With these two facts in mind, below are the top drivers of the forex market.
Interest rate differentials
Speculation in forex is dominated by the carry trade, which in turn is determined by interest rate differentials.
In carry trades, traders borrow (sell) a low interest rate currency and lend (buy) a high interest rate currency. This allows them to capture the positive interest rate differential. Moreover, the high interest rate currency tends to appreciate against the low interest rate currency in times of global economic expansion.
When interest rates are raised, the underlying currency generally appreciates because it has just become a better candidate for the long (lending) side of the carry trade. (Conversely, if interest rates are raised in a low yielding currency, it has just become a worse candidate for the short side of the carry trade.)
Short-term traders know this. Therefore, if they expect interest rates to be raised for a currency, they will buy and hold it for the short-term. In this regard, interest rate differentials dominate short-term trading.

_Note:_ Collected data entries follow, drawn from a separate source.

(* Let $M$ be a matroid on ground set $E$ and let $<$ be a pinned broken line shelling of $\mathcal{I}(M)$ whose first basis is $B$. For each non-loop element $i\in E\setminus B$, let $B_i$ be the basis whose restriction set with respect to $<$ is $\{i\}$. Let $I$ be an independent set of $M$ disjoint from $B$. Then for every $j\ge0$, the number of bases $B'$ whose restriction set has $|I|+j$ elements and such that the atoms of $\mathrm{Int}_<(M)$ below $B'$ are exactly the bases $\{B_i : i\in I\}$ is $h_j((M/I)|_B)$. If $\mathrm{Int}_<(M)$ is ranked, then the cardinality of the restriction sets may be replaced by the rank in $\mathrm{Int}_<(M)$.
   Context: Linear functionals $\ell\in(\mathbb{R}^E)^*$ are identified with functions $E\to\mathbb{R}$, and $\ell(B)=\sum_{b\in B}\ell(b)$. A broken line shelling is an ordering $B_1<\dots<B_n$ of all bases of $M$ such that for each $i$ there is a linear functional $\ell_i$ (a witness) with $\ell_i(B_j)<\ell_i(B_i)$ iff $j<i$; such an order is a shelling order of the independence complex $\mathcal{I}(M)$. It is pinned if the witnesses can be chosen so that for every $i$, $B_1$ is the basis of smallest $\ell_i$-weight. For a shelling order $F_1<\dots<F_k$ of a pure simplicial complex, the restriction set $\mathcal{R}(F_j)$ is the unique subset of $F_j$ such that the faces of $\langle F_1,\dots,F_j\rangle$ not in $\langle F_1,\dots,F_{j-1}\rangle$ are exactly the subsets of $F_j$ containing $\mathcal{R}(F_j)$. $\mathrm{Int}_<(M)$ is the poset on bases with $B'\preceq B''$ iff $\mathcal{R}(B')\subseteq\mathcal{R}(B'')$; its atoms are the elements covering its minimum. A loop is an element in no basis. $M/I$ is the contraction of $M$ by $I$, and $(M/I)|_B$ its restriction to the ground set $B$. For a matroid $N$, $h_j(N)$ is the $j$-th entry of the $h$-vector of its independence complex, where for a $(d-1)$-dimensional complex with $f_{i}$ faces of dimension $i$, $\sum_j h_j x^j=\sum_j f_{j-1}x^j(1-x)^{d-j}$. *)

From HB Require Import structures.
From mathcomp Require Import all_boot all_order all_algebra.
From mathcomp Require Import reals.
Set Implicit Arguments. Unset Strict Implicit. Unset Printing Implicit Defensive.
Import Order.TTheory GRing.Theory Num.Theory.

Historically, the New Zealand dollar carried the highest interest rate among the G10 currencies. Not surprisingly, it was also the most financialized, meaning turnover in the New Zealand dollar is the largest relative to the size of the country’s real economy and trade.
While interest differentials set the tone most of the time, they may not matter at all in special situations.

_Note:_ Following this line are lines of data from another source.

(* Let $\ell$ and $m$ be positive integers with $\ell\le m$, let $G$ be a group written additively, and let $\mathbf{a}=(a_1,\dots,a_m)$ be a sequence of elements of $G$. Then at least one of the following holds: (1) $|\Sigma^{\ell}(\mathbf{a})|\ge\min(p(G),\ m-\ell+1)$; (2) there exists $i\in[1,m]$ such that $\ell a_i\in\Sigma^{\ell}(\mathbf{a})$.
   Context: $p(G)$ is the order of the smallest nontrivial subgroup of $G$, or $\infty$ if no such subgroup exists. $\ell a_i$ denotes $a_i+\cdots+a_i$ ($\ell$ times). $\Sigma^{\ell}(\mathbf{a})$ is the set of all elements $a_{i_1}+\cdots+a_{i_\ell}$ with $i_1,\dots,i_\ell\in[1,m]$ pairwise distinct, taken in any order. *)

From Stdlib Require Import Arith List ClassicalEpsilon.
Import ListNotations.

Record is_group {G : Type} (add : G -> G -> G) (zero : G) (opp : G -> G) : Prop :=
  { grp_assoc : forall x y z, add x (add y z) = add (add x y) z;
    grp_zero_l : forall x, add zero x = x;
    grp_opp_l : forall x, add (opp x) x = zero }.

Section Defs.
Context {G : Type} (add : G -> G -> G) (zero : G) (opp : G -> G).

Definition is_subgroup (H : G -> Prop) : Prop :=
  H zero /\ (forall x y, H x -> H y -> H (add x y)) /\ (forall x, H x -> H (opp x)).

Definition has_card (H : G -> Prop) (n : nat) : Prop :=
  exists xs : list G, NoDup xs /\ length xs = n /\ (forall x, H x <-> In x xs).

Definition has_nontriv_subgroup_of_order (n : nat) : Prop :=
  exists H : G -> Prop, is_subgroup H /\ (exists x, H x /\ x <> zero) /\ has_card H n.

(* specification of p(G): Some p = the order of the smallest nontrivial
   subgroup, None = infinity (no nontrivial finite subgroup exists) *)
Definition is_pG (p : option nat) : Prop :=
  match p with
  | None => ~ exists n, has_nontriv_subgroup_of_order n
  | Some q => has_nontriv_subgroup_of_order q /\
              forall n, has_nontriv_subgroup_of_order n -> q <= n
  end.

Definition pG : option nat := epsilon (inhabits None) is_pG.

Definition min_pG (k : nat) : nat :=
  match pG with Some q => Nat.min q k | None => k end.

Definition gsum (xs : list G) : G := fold_right add zero xs.

Definition gmul (l : nat) (x : G) : G := gsum (repeat x l).

(* Sigma^l(a) for a = (a_0, ..., a_{m-1}) (0-based indices): sums of l terms
   with pairwise distinct indices, taken in any order *)
Definition Sigma (m l : nat) (a : nat -> G) (x : G) : Prop :=
  exists idx : list nat, length idx = l /\ NoDup idx /\
    (forall i, In i idx -> i < m) /\ x = gsum (map a idx).

Definition card_ge (S : G -> Prop) (k : nat) : Prop :=
  exists xs : list G, NoDup xs /\ length xs = k /\ (forall x, In x xs -> S x).

End Defs.

(* If some value a_i is taken more than l times, then l a_i is itself a sum of l
   terms with distinct indices.  Otherwise we induct on l: split off a block I
   of indices carrying pairwise distinct values, of size min(#values, m - l),
   so that the remaining indices take every value at most l - 1 times.  Then
   Sigma^l(a) contains Sigma^(l-1)(rest) + {a_i : i in I}, and Kemperman's
   theorem |X + Y| >= min(p(G), |X| + |Y| - 1) carries the bound through.

   Kemperman's theorem is proved with the e-transform.  A collision
   x1 + y1 = x2 + y2 with x1 <> x2 gives e = -x1 + x2 <> 0, and both pairs
   (X u (X + e), Y n (-e + Y)) and (X n (X - e), Y u (e + Y)) have a smaller
   sumset than (X, Y); their sizes add up to 2(|X| + |Y|), so one of them does
   not decrease |X| + |Y|.  The first one shrinks Y unless e + Y = Y, and then
   e generates a subgroup of order at most |Y|. *)

From Pilot Require Import Defs.
From Stdlib Require Import Arith List Lia Classical ClassicalEpsilon Wf_nat FinFun.
Import ListNotations.

Section ClassicalLists.
Context {A : Type}.

Definition eq_dec_classic (x y : A) : {x = y} + {x <> y} :=
  excluded_middle_informative (x = y).

Definition mem (x : A) (l : list A) : bool :=
  if excluded_middle_informative (In x l) then true else false.

Lemma mem_spec x l : mem x l = true <-> In x l.
Proof.
  unfold mem; destruct (excluded_middle_informative (In x l)); split; congruence || tauto.
Qed.

Definition card (l : list A) : nat := length (nodup eq_dec_classic l).

Lemma card_incl l l' : incl l l' -> card l <= card l'.
Proof.
  intro H. apply NoDup_incl_length; [apply NoDup_nodup|].
  apply nodup_incl. intros x Hx. apply nodup_In in Hx. now apply H.
Qed.

Lemma NoDup_length_le_card L l : NoDup L -> incl L l -> length L <= card l.
Proof. intros HL Hincl. apply NoDup_incl_length; [exact HL|]. now apply nodup_incl. Qed.

Definition diff (l I : list A) : list A := filter (fun x => negb (mem x I)) l.

Lemma In_diff x l I : In x (diff l I) <-> In x l /\ ~ In x I.
Proof.
  unfold diff. rewrite filter_In. pose proof (mem_spec x I).
  destruct (mem x I); simpl; intuition discriminate.
Qed.

Lemma length_diff l I : NoDup l -> NoDup I -> incl I l ->
  length (diff l I) + length I = length l.
Proof.
  intros Hl HI Hincl. rewrite <- (filter_length (fun x => mem x I) l).
  enough (length (filter (fun x => mem x I) l) = length I) by (unfold diff; lia).
  apply Nat.le_antisymm; apply NoDup_incl_length.
  - now apply NoDup_filter.
  - intros x Hx. apply filter_In in Hx. now apply mem_spec.
  - exact HI.
  - intros x Hx. apply filter_In. split; [now apply Hincl | now apply mem_spec].
Qed.

Definition union_image (f : A -> A) (X : list A) : list A :=
  X ++ map f (filter (fun x => negb (mem (f x) X)) X).

Definition inter_preimage (f : A -> A) (X : list A) : list A :=
  filter (fun x => mem (f x) X) X.

Lemma length_union_image_inter_preimage f X :
  length (union_image f X) + length (inter_preimage f X) = 2 * length X.
Proof.
  unfold union_image, inter_preimage. rewrite length_app, length_map.
  pose proof (filter_length (fun x => mem (f x) X) X). lia.
Qed.

Lemma incl_union_image f X : incl X (union_image f X).
Proof. intros x Hx. now apply in_or_app; left. Qed.

Lemma In_union_image f X z :
  In z (union_image f X) -> In z X \/ exists x, In x X /\ z = f x.
Proof.
  intro Hz. apply in_app_or in Hz as [Hz | Hz]; [now left|right].
  apply in_map_iff in Hz as [x [<- Hx]]. apply filter_In in Hx. now exists x.
Qed.

Lemma NoDup_union_image f X : Injective f -> NoDup X -> NoDup (union_image f X).
Proof.
  intros Hf HX. apply NoDup_app; [exact HX| |].
  - now apply Injective_map_NoDup, NoDup_filter.
  - intros z Hz Hz'. apply in_map_iff in Hz' as [x [<- Hx]].
    apply filter_In in Hx as [_ Hx]. apply mem_spec in Hz. now rewrite Hz in Hx.
Qed.

Lemma In_inter_preimage f X x : In x (inter_preimage f X) <-> In x X /\ In (f x) X.
Proof. unfold inter_preimage. now rewrite filter_In, mem_spec. Qed.

Lemma inter_preimage_full f X :
  length (inter_preimage f X) = length X -> forall x, In x X -> In (f x) X.
Proof.
  intros Hfull x Hx. apply filter_length_forallb in Hfull.
  apply mem_spec. now apply forallb_forall with (x := x) in Hfull.
Qed.

Lemma In_firstn n (l : list A) x : In x (firstn n l) -> In x l.
Proof. rewrite <- (firstn_skipn n l) at 2. intro Hx. now apply in_or_app; left. Qed.

Lemma NoDup_firstn n (l : list A) : NoDup l -> NoDup (firstn n l).
Proof. rewrite <- (firstn_skipn n l) at 1. apply NoDup_app_remove_r. Qed.

Lemma pigeonhole_nat (f : nat -> A) (Y : list A) :
  (forall k, In (f k) Y) -> exists i j, i < j <= length Y /\ f i = f j.
Proof.
  intro HfY. apply NNPP. intro Hinj.
  assert (Hnd : NoDup (map f (seq 0 (S (length Y))))).
  { apply Injective_map_NoDup_in; [|apply seq_NoDup].
    intros i j Hi Hj Hij. apply in_seq in Hi, Hj.
    destruct (lt_eq_lt_dec i j) as [[Hlt | Heq] | Hlt]; [exfalso | exact Heq | exfalso];
      apply Hinj; [exists i, j | exists j, i]; split; auto; lia. }
  apply NoDup_incl_length with (l' := Y) in Hnd.
  - rewrite length_map, length_seq in Hnd. lia.
  - intros y Hy. apply in_map_iff in Hy as [k [<- _]]. apply HfY.
Qed.

Lemma transversal {B : Type} (f : B -> A) (l : list B) :
  exists T, incl T l /\ NoDup (map f T) /\
    forall i, In i l -> exists t, In t T /\ f t = f i.
Proof.
  induction l as [|i l [T (HTl & HTinj & HTcover)]].
  - exists []. repeat split; [intros x [] | constructor | intros i []].
  - destruct (classic (exists t, In t T /\ f t = f i)) as [Hrep | Hnew].
    + exists T. split; [now apply incl_tl|split; [exact HTinj|]].
      intros j [<- | Hj]; auto.
    + exists (i :: T). split; [apply incl_cons; [now left | now apply incl_tl]|split].
      * constructor; [|exact HTinj]. intro Hin. apply in_map_iff in Hin as [t [Ht1 Ht2]].
        apply Hnew. now exists t.
      * intros j [<- | Hj]; [exists i; split; [left|]; reflexivity|].
        destruct (HTcover j Hj) as [t [Ht Hft]]. exists t. split; [now right | exact Hft].
Qed.

End ClassicalLists.

Section Group.
Context {G : Type} (add : G -> G -> G) (zero : G) (opp : G -> G)
  (hG : is_group add zero opp).
Local Infix "+" := add.
Local Notation subgroup_of_order := (has_nontriv_subgroup_of_order add zero opp).
Local Notation gsum := (gsum add zero).
Local Notation gmul := (gmul add zero).

Let add_assoc x y z : x + (y + z) = (x + y) + z := grp_assoc _ _ _ hG x y z.
Let add_zero_l x : zero + x = x := grp_zero_l _ _ _ hG x.
Let add_opp_l x : opp x + x = zero := grp_opp_l _ _ _ hG x.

Back when the world had tradable pegged currencies, the market often attacked pegs it deemed to be unsustainable.
The most famous example was Black Wednesday of 1992, when speculators, led by hedge fund manager George Soros, shorted the pound sterling because they believed the UK could not maintain its currency peg to the Deutsche Mark of Germany.
The Bank of England tried to counteract the short selling by raising interest rates to 12 percent.

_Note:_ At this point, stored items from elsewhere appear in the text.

(* Let $G=(V,E,w_G)$ be a directed graph with non-negative integer edge weights, $n=|V|$, let $s\in V$ be a source node, and let $h$ be an integer with $1\le h\le n$. Consider the following procedure. Step 1: Let $C\subseteq V$ be a set of skeleton nodes containing $s$ and such that, for every pair of nodes $u,v$ for which the shortest path from $u$ to $v$ in $G$ consists of exactly $\lceil h/2\rceil$ nodes, $C$ contains at least one node of one of these shortest paths. Step 2: For each $x\in C$ compute estimates $\tilde d(x,\cdot)$ with $\mathrm{dist}_G(x,v)\le \tilde d(x,v)\le 2\,\mathrm{dist}^h_G(x,v)$ for every $v\in V$. Step 3: Let $H=(C,C^2,w_H)$ be the complete directed graph on $C$ with $w_H(x,y)=\tilde d(x,y)$. Step 4: Compute $\mathrm{dist}_H(s,x)$ for every $x\in C$. Step 5: Let $G'=(V,E\cup(\{s\}\times C),w_{G'})$ where $w_{G'}(u,v)=\mathrm{dist}_H(u,v)$ for $(u,v)\in(\{s\}\times C)\setminus E$, $w_{G'}(u,v)=2w_G(u,v)$ for $(u,v)\in E\setminus(\{s\}\times C)$, and $w_{G'}(u,v)=\min(\mathrm{dist}_H(u,v),2w_G(u,v))$ for $(u,v)\in E\cap(\{s\}\times C)$. Step 6: Return $\hat d(s,v):=\tfrac12\,\mathrm{dist}^h_{G'}(s,v)$ for every $v\in V$. Then for every node $v\in V$, $\tfrac12\,\mathrm{dist}_G(s,v)\le \hat d(s,v)\le \mathrm{dist}_G(s,v)$, and for every edge $(u,v)\in E$, $\hat d(s,v)\le \hat d(s,u)+w_G(u,v)$.
   Context: For a weighted directed graph, $\mathrm{dist}(u,v)$ denotes the minimum weight of a directed path from $u$ to $v$. For an integer $h\ge1$, the $h$-hop distance $\mathrm{dist}^h(u,v)$ is the minimum weight among all directed paths from $u$ to $v$ with at most $h$ edges. *)

From HB Require Import structures.
From mathcomp Require Import all_boot all_order all_algebra.
From mathcomp Require Export constructive_ereal.
Set Implicit Arguments. Unset Strict Implicit. Unset Printing Implicit Defensive.
Import Order.TTheory GRing.Theory Num.Theory.
Local Open Scope ring_scope.
Local Open Scope ereal_scope.

(* A weighted directed graph on a finite vertex type V is given by an edge
   relation e : rel V and a weight function wt : V -> V -> \bar rat (only
   the values on edges matter).  Distances live in \bar rat, +oo meaning
   "no path". *)

Section Defs.
Variable V : finType.

Fixpoint pweight (wt : V -> V -> \bar rat) (x : V) (p : seq V) : \bar rat :=
  match p with
  | [::] => 0
  | y :: p' => wt x y + pweight wt y p'
  end.

(* u :: p is a (simple) directed path from u to v; it has size p edges and
   (size p).+1 nodes *)
Definition is_spath (e : rel V) (u : V) (p : seq V) (v : V) : bool :=
  [&& path e u p, uniq (u :: p) & last u p == v].

Definition hdist (e : rel V) (wt : V -> V -> \bar rat) (h : nat) (u v : V)
  : \bar rat :=
  \big[Order.min/+oo]_(k < h.+1)
    \big[Order.min/+oo]_(p : k.-tuple V | is_spath e u p v) pweight wt u p.

(* distance: a simple path has fewer than #|V| edges *)
Definition gdist (e : rel V) (wt : V -> V -> \bar rat) (u v : V) : \bar rat :=
  hdist e wt #|V| u v.

Definition is_shortest (e : rel V) (wt : V -> V -> \bar rat) (u : V)
  (p : seq V) (v : V) : Prop :=
  is_spath e u p v /\ pweight wt u p = gdist e wt u v.

Definition natw (w : V -> V -> nat) : V -> V -> \bar rat :=
  fun x y => ((w x y)%:R : rat)%:E.

Definition skeleton_ok (e : rel V) (wt : V -> V -> \bar rat) (h : nat)
  (C : {set V}) : Prop :=
  forall u v : V,
    (exists p : seq V, is_shortest e wt u p v /\ (size p).+1 = uphalf h) ->
    exists p : seq V, [/\ is_shortest e wt u p v, (size p).+1 = uphalf h
                        & has (fun x => x \in C) (u :: p)].

Definition H_edge (C : {set V}) : rel V := fun x y => (x \in C) && (y \in C).
Definition distH (C : {set V}) (dt : V -> V -> \bar rat) (x y : V) :=
  gdist (H_edge C) dt x y.

Definition G'_edge (e : rel V) (s : V) (C : {set V}) : rel V :=
  fun x y => e x y || ((x == s) && (y \in C)).
Definition G'_weight (e : rel V) (w : V -> V -> nat) (s : V) (C : {set V})
  (dt : V -> V -> \bar rat) : V -> V -> \bar rat :=
  fun x y =>
    if (x == s) && (y \in C) then
      (if e x y then Order.min (distH C dt x y) (2%:E * natw w x y)
       else distH C dt x y)
    else 2%:E * natw w x y.

Definition dhat (e : rel V) (w : V -> V -> nat) (s : V) (C : {set V})
  (dt : V -> V -> \bar rat) (h : nat) (v : V) : \bar rat :=
  (2^-1)%:E * hdist (G'_edge e s C) (G'_weight e w s C dt) h s v.

End Defs.

From HB Require Import structures.
From mathcomp Require Import all_boot all_order all_algebra.
From mathcomp Require Import constructive_ereal.
Import Order.TTheory GRing.Theory Num.Theory.
Set Implicit Arguments. Unset Strict Implicit. Unset Printing Implicit Defensive.
Local Open Scope ring_scope.
Local Open Scope ereal_scope.

(* Skeleton distances overestimate those of G at most twice: a shortest path
   between skeleton nodes meets a skeleton node (on an equally short variant)
   among its last [uphalf h] nodes, so it splits into stretches of at most [h]
   hops, each estimated by [dt].  Hence in G' the source reaches any [v] by one
   skeleton edge followed by fewer than [h] doubled G-edges, within twice
   [dist(s, v)], while no edge of G' is shorter than the G-distance of its
   ends. *)

Lemma ge0_neqNy (R : numDomainType) (x : \bar R) : 0 <= x -> x != -oo.
Proof. by case: x. Qed.

Section Walks.
Variables (V : finType) (e : rel V) (wt : V -> V -> \bar rat).

Local Notation d := (gdist e wt).

Lemma pweight_cat x p1 p2 :
  pweight wt x (p1 ++ p2) = pweight wt x p1 + pweight wt (last x p1) p2.
Proof. by elim: p1 x => [|y p IH] x /=; rewrite ?add0e // IH addeA. Qed.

However, the pound sterling didn’t budge and England was forced to withdraw from its currency peg and allow the pound sterling to collapse.
On the flip-side, governments can intervene in the forex market.
Sometimes, interventions are unsuccessful and fundamentals prevail. Other times, they successfully override fundamentals (like interest rate differentials) and set the direction for the forex market.
Portfolio flows is the second major reason for financial transactions in currencies.
It refers to converting to a currency in order to invest in the financial assets of the country.
For example, if a Japanese investor wants to buy US equities, he must first convert his yen to the dollar.
Therefore, when the equities or fixed-income market of a country becomes attractive to foreigners, its currency generally appreciates.
(On a related note, fixed-income prices are influenced by interest rates, so again it goes back to interest rate differentials.)
The turnover in the trade of goods and services is smaller compared to portfolio flows, but it’s nevertheless significant.
When a country’s trade surplus widens, its currency tends to appreciate. Conversely, when the surplus shrinks or if the trade deficit widens, its currency tends to depreciate.
Occasionally, a multi-billion dollar mergers and acquisitions (M&A) deal can drive the forex market in the short-term. For example, if an American company wants to buy an Australian company, it must first convert billions of US dollars into Australian dollars, thereby giving a temporary boost to the Australian dollar.